Using the listing below, copy exactly the lines from the one containing "exists x : X, forall" to the one containing "values lie in", both lines included, and no others.
-- Opening Marker --
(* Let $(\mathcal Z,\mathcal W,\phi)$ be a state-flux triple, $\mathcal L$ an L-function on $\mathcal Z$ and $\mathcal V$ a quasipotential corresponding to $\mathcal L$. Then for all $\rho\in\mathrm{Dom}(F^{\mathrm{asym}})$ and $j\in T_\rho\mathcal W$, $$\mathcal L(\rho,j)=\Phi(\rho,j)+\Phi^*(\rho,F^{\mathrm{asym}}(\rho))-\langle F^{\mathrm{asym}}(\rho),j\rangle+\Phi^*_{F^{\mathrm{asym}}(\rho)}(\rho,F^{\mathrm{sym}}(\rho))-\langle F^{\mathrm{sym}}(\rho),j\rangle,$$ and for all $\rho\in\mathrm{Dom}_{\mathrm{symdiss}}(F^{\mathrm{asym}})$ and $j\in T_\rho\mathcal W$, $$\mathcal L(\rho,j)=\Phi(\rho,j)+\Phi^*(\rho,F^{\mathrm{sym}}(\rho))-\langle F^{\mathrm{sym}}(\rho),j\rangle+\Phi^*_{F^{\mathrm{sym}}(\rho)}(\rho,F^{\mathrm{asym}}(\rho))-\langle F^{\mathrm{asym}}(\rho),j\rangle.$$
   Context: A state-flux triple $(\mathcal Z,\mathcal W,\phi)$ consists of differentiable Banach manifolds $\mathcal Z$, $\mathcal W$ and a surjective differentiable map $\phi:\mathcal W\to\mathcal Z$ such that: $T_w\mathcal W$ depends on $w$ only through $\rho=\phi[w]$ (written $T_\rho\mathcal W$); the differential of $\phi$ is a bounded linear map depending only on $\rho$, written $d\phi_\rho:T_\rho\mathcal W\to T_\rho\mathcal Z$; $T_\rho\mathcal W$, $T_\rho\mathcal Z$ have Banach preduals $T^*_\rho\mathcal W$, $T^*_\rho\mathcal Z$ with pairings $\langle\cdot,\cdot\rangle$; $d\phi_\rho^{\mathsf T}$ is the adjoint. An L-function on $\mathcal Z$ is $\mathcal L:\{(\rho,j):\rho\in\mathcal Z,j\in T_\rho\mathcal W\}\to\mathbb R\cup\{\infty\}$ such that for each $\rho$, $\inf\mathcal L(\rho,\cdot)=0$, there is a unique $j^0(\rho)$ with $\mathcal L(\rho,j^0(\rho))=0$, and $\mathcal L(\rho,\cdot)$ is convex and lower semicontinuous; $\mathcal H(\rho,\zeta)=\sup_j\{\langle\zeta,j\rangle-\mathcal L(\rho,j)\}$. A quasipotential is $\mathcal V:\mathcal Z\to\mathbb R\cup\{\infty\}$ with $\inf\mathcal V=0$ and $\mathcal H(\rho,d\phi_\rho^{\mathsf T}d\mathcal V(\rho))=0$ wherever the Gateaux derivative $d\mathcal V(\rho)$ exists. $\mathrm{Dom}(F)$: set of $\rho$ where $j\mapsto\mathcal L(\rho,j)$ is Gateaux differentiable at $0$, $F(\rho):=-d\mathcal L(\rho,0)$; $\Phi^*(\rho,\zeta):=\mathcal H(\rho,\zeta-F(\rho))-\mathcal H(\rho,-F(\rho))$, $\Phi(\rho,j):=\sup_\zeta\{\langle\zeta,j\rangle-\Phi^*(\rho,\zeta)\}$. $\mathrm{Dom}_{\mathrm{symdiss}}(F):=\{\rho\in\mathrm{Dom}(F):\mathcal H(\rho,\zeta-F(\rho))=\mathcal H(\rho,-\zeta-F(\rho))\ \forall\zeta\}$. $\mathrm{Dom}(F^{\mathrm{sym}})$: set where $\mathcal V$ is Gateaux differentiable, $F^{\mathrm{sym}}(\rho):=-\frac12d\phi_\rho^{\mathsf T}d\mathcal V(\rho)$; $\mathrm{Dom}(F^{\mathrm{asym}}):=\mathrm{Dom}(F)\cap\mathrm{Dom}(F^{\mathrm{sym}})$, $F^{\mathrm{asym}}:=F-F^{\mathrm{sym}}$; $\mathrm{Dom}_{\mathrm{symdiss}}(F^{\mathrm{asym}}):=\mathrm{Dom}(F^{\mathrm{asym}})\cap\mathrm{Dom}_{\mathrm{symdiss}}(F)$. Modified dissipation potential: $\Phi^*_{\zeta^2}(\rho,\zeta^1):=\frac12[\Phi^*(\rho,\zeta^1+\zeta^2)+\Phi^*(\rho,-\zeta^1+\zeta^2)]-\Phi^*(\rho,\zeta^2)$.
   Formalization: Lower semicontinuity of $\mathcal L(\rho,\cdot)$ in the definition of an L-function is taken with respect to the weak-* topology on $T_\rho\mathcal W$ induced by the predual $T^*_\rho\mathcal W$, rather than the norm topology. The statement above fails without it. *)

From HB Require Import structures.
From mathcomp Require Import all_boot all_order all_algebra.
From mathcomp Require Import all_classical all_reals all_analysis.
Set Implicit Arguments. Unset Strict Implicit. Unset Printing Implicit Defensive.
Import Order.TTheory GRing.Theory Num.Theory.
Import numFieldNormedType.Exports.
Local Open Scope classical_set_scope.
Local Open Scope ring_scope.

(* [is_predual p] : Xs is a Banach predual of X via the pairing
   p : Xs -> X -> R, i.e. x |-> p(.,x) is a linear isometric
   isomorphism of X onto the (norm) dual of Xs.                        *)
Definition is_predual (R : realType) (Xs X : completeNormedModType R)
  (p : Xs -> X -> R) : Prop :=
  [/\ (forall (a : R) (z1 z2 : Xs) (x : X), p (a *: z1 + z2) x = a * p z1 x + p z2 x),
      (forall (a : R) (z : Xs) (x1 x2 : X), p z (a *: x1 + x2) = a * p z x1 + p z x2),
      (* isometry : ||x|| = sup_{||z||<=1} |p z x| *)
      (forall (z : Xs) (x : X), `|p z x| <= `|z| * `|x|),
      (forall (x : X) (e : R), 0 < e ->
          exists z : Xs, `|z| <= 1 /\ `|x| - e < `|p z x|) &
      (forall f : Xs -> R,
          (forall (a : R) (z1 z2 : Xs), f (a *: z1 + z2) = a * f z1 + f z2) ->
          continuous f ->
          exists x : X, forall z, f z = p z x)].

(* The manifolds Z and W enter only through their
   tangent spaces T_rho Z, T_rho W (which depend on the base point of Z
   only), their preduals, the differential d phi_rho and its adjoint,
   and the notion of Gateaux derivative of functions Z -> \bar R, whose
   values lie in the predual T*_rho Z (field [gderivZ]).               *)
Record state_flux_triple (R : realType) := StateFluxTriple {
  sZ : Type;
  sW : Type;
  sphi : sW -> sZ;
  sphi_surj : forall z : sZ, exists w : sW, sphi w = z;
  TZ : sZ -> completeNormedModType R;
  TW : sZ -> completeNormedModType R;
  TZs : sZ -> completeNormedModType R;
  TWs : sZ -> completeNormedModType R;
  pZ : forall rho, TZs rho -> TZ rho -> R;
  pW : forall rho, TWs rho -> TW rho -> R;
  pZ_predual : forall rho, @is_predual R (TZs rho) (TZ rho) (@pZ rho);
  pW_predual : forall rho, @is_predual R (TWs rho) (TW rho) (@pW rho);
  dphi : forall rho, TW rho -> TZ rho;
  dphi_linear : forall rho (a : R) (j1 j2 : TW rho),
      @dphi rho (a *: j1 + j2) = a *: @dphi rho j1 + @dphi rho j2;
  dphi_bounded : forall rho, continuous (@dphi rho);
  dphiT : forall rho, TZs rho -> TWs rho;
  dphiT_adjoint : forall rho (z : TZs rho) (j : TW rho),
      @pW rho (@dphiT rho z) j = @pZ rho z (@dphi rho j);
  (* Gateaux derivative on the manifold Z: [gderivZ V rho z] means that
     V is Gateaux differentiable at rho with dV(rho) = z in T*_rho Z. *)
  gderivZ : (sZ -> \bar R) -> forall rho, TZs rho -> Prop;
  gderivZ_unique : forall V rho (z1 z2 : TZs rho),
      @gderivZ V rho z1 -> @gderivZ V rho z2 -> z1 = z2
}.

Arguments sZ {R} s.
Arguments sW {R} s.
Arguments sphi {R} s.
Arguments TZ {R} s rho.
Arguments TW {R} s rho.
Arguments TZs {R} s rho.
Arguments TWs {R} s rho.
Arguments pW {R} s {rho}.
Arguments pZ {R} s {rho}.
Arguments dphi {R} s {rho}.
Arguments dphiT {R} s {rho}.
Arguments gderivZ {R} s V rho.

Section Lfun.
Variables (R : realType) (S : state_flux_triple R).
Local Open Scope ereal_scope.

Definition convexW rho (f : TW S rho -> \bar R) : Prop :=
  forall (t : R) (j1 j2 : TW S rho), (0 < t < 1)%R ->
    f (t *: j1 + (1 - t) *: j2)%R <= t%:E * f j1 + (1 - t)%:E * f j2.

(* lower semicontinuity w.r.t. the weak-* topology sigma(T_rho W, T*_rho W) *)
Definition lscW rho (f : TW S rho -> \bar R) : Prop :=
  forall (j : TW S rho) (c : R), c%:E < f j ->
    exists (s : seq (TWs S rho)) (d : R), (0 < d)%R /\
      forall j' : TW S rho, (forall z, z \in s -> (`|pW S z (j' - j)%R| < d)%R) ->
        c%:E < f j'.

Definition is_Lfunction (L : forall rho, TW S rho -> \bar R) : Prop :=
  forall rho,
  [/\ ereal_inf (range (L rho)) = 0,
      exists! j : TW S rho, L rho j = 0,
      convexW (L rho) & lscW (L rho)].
-- Closing Marker --
● **SOLUTION TO THE EXERCISE**:
          exists x : X, forall z, f z = p z x)].

(* The manifolds Z and W enter only through their
   tangent spaces T_rho Z, T_rho W (which depend on the base point of Z
   only), their preduals, the differential d phi_rho and its adjoint,
   and the notion of Gateaux derivative of functions Z -> \bar R, whose
   values lie in the predual T*_rho Z (field [gderivZ]).               *)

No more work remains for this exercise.